**AVAILABLE RECORDS:**
■ ■ ■ ■ ■
(* Consider, on the reference element $E=[-1,1]^3$ of a moving curved hexahedral element, the split form ALE discontinuous Galerkin spectral element semi-discretization of the three-dimensional compressible Euler equations described in the context, with time-differentiable nodal values $\mathcal{J}_{ijk}(\tau)$ and $\mathbf{U}_{ijk}(\tau)$. Suppose the volume flux functions $\mathbf{G}^{\#}_\iota$ and the surface flux functions $\mathbf{G}^{*}_\iota$, $\iota=1,2,3$, satisfy Jameson's conditions $$\mathbf{G}^{\upsilon+1,\#}_\iota=\mathbf{G}^{1,\#}_\iota\{\{u_\upsilon\}\}+\{\{p\}\}\,\delta_{\iota\upsilon},\qquad \mathbf{G}^{\upsilon+1,*}_\iota=\mathbf{G}^{1,*}_\iota\{\{u_\upsilon\}\}+\{\{p\}\}^{\star}\,\delta_{\iota\upsilon},\qquad \upsilon=1,2,3,$$ where $\{\{p\}\}^{\star}$ can be any consistent numerical trace approximation of the pressure (in the volume condition the averages are taken of the two nodal states entering $\mathbf{G}^{\#}_\iota$, in the surface condition of the interior and exterior states), and the Cartesian surface mass fluxes $\mathbf{G}^{1,*}_\iota$ are consistent with $\rho(u_\iota-\nu_\iota)$, $\iota=1,2,3$. Then for every element the scheme satisfies $$\frac{\partial}{\partial\tau}\big\langle I^N(\Bbbk),\mathcal{J}\big\rangle_N=-\frac12\sum_{\iota=1}^3\Big\langle \Big(\frac{\partial I^N(p)}{\partial\xi^\iota}\Big)\mathbb{J}\vec a^{\,\iota}+p\Big(\frac{\partial I^N(\mathbb{J}\vec a^{\,\iota})}{\partial\xi^\iota}\Big)+\Big(\frac{\partial I^N(p\,\mathbb{J}\vec a^{\,\iota})}{\partial\xi^\iota}\Big),\vec u\Big\rangle_N-\sum_{\iota=1}^3\int_{\partial E,N}\hat s\,n_\iota\Big[\tfrac12\overline{|\vec u|}^{2}\,\mathbf{G}^{1,*}_\iota+\big(\{\{p\}\}^{\star}-p^-\big)u_\iota^-\Big]\,dS,$$ where $\Bbbk=\frac12\rho|\vec u|^2$ is the kinetic energy, $\overline{|\vec u|}^{2}:=\sum_{\iota=1}^3\big(2\{\{u_\iota\}\}^2-\{\{u_\iota^2\}\}\big)$, and $u_\iota^-$, $p^-$ are the interior (own-element) values at the surface nodes.
   Context: Euler setting: state $\mathbf{u}=[\rho,\rho\vec u,\rho e+\tfrac12\rho|\vec u|^2]^T\in\mathbb{R}^5$ with density $\rho$, velocity $\vec u=(u_1,u_2,u_3)$, pressure $p$, $e=p/((\gamma-1)\rho)$, $\gamma>1$. Advective fluxes $\mathbf{f}_\iota$ ($\iota=1,2,3$) have components $\mathbf{f}^1_\iota=\rho u_\iota$, $\mathbf{f}^{\upsilon+1}_\iota=\rho u_\iota u_\upsilon+p\delta_{\iota\upsilon}$ ($\upsilon=1,2,3$), $\mathbf{f}^5_\iota=\rho u_\iota(e+\frac12|\vec u|^2)+pu_\iota$; superscripts $1,\dots,5$ denote components. $\vec\nu=(\nu_1,\nu_2,\nu_3)$ is the prescribed grid velocity. Discretization: $\{\xi_i\}_{i=0}^N$ are the Legendre–Gauss–Lobatto (LGL) nodes on $[-1,1]$ ($\xi_0=-1,\xi_N=1$) with weights $\omega_i$, $\ell_j$ the Lagrange polynomials on them, $\mathcal{D}_{ij}=\ell_j'(\xi_i)$; $\omega_{ijk}=\omega_i\omega_j\omega_k$. All quantities are represented by nodal values at the tensor LGL nodes $(\xi_i,\xi_j,\xi_k)$; $I^N(g)=\sum_{ijk}g_{ijk}\ell_i(\xi^1)\ell_j(\xi^2)\ell_k(\xi^3)$ is tensor-product interpolation, and derivatives $\partial/\partial\xi^\iota$ are exact derivatives of interpolants. Discrete inner product: $\langle \mathbf f,\mathbf g\rangle_N=\sum_{i,j,k=0}^N\omega_{ijk}\mathbf f_{ijk}^T\mathbf g_{ijk}$ (also for scalar or 3-vector valued functions). Discrete surface integral: for $h$ defined at surface nodes (possibly depending on the outward reference normal $\hat n=(\hat n^1,\hat n^2,\hat n^3)$ of the face), $\int_{\partial E,N}h\,dS$ is the sum over the six faces of $E$ of the tensor LGL quadrature (weights $\omega$ in the two tangential directions) of $h$ at the face nodes; for fluxes, $\int_{\partial E,N}\boldsymbol\varphi^T\mathbf F_1\hat n^1dS=\sum_{j,k}\omega_j\omega_k(\boldsymbol\varphi_{Njk}^T(\mathbf F_1)_{Njk}-\boldsymbol\varphi_{0jk}^T(\mathbf F_1)_{0jk})$ and analogously in directions 2, 3. $\mathcal{J}_{ijk}(\tau)$ are nodal values of the discrete Jacobian; $\mathbb{J}\vec a^{\,\iota}$ ($\iota=1,2,3$) are discrete volume-weighted contravariant vectors with Cartesian components $\mathbb{J}a^\iota_\beta$; on faces, $\hat s=|\sum_\iota \mathbb{J}\vec a^{\,\iota}\hat n^\iota|$ and $\vec n=\hat s^{-1}\sum_\iota\mathbb{J}\vec a^{\,\iota}\hat n^\iota$. The nodal state $\mathbf{U}_{ijk}$ determines nodal $\rho,\vec u,p,e$; $\mathbf{F}_\iota(\mathbf U)$ is $\mathbf f_\iota$ evaluated at nodes and $\mathbf{G}_\iota=\mathbf F_\iota(\mathbf U)-\nu_\iota\mathbf U$. Averages/jumps: for nodal pairs, $\{\{a\}\}_{(i,m)jk}=\frac12(a_{ijk}+a_{mjk})$ (analogously in $j$, $k$); at surface nodes, with ''$-$'' the own-element value and ''$+$'' the neighbor's value, $\{\{a\}\}=\frac12(a^++a^-)$, $[\![a]\!]=a^+-a^-$. Volume fluxes $\mathbf{G}^{\#}_\iota(\vec\nu_L,\vec\nu_R,\mathbf U_L,\mathbf U_R)\in\mathbb R^5$ are symmetric in exchanging $(\vec\nu_L,\mathbf U_L)\leftrightarrow(\vec\nu_R,\mathbf U_R)$ and consistent: $\mathbf G^{\#}_\iota(\vec\nu_L,\vec\nu_R,\mathbf U,\mathbf U)=\mathbf F_\iota(\mathbf U)-\{\{\nu_\iota\}\}\mathbf U$. Volume operator at node $ijk$: $\mathbb{D}\cdot\tilde{\mathbf G}^{\#}_{ijk}=\sum_{m=0}^N\sum_{\beta=1}^3\big[2\mathcal D_{im}\mathbf G^{\#}_\beta(\vec\nu_{ijk},\vec\nu_{mjk},\mathbf U_{ijk},\mathbf U_{mjk})\{\{\mathbb Ja^1_\beta\}\}_{(i,m)jk}+2\mathcal D_{jm}\mathbf G^{\#}_\beta(\vec\nu_{ijk},\vec\nu_{imk},\mathbf U_{ijk},\mathbf U_{imk})\{\{\mathbb Ja^2_\beta\}\}_{i(j,m)k}+2\mathcal D_{km}\mathbf G^{\#}_\beta(\vec\nu_{ijk},\vec\nu_{ijm},\mathbf U_{ijk},\mathbf U_{ijm})\{\{\mathbb Ja^3_\beta\}\}_{ij(k,m)}\big]$. Surface fluxes $\mathbf G^*_\iota$ are functions of interior/exterior states; $\tilde{\mathbf G}^*_{\hat n}=\hat s\sum_\iota n_\iota\mathbf G^*_\iota$ and $\tilde{\mathbf G}_{\hat n}=\sum_\iota\hat n^\iota\sum_\beta\mathbb Ja^\iota_\beta\mathbf G_\beta$. Scheme (per element): for all $\boldsymbol\varphi$ in the tensor-product polynomials of degree $N$ with values in $\mathbb R^5$, $\big\langle \frac{\partial(\mathcal J\mathbf U)}{\partial\tau},\boldsymbol\varphi\big\rangle_N=-\langle\mathbb D\cdot\tilde{\mathbf G}^{\#},\boldsymbol\varphi\rangle_N-\int_{\partial E,N}\boldsymbol\varphi^T(\tilde{\mathbf G}^*_{\hat n}-\tilde{\mathbf G}_{\hat n})\,dS,$ coupled with an evolution equation for $\mathcal J$ (discrete geometric conservation law) $\langle\partial_\tau\mathcal J,\varphi\rangle_N=\langle\mathbb D\cdot\tilde{\vec\nu}^{\#},\varphi\rangle_N+\int_{\partial E,N}\varphi(\tilde\nu^*_{\hat n}-\tilde\nu_{\hat n})dS$, whose precise form is not used in the claim. Here $\langle I^N(\Bbbk),\mathcal J\rangle_N=\sum_{ijk}\omega_{ijk}\Bbbk_{ijk}\mathcal J_{ijk}$. *)

From HB Require Import structures.
From mathcomp Require Import all_boot all_order all_algebra.
From mathcomp Require Import all_classical all_reals all_analysis.
Set Implicit Arguments. Unset Strict Implicit. Unset Printing Implicit Defensive.
Import Order.TTheory GRing.Theory Num.Theory.
Local Open Scope ring_scope.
■ ■ ■ ■ ■
A complete answer lists every line of the listing above that holds the word "From".

From HB Require Import structures.
From mathcomp Require Import all_boot all_order all_algebra.
From mathcomp Require Import all_classical all_reals all_analysis.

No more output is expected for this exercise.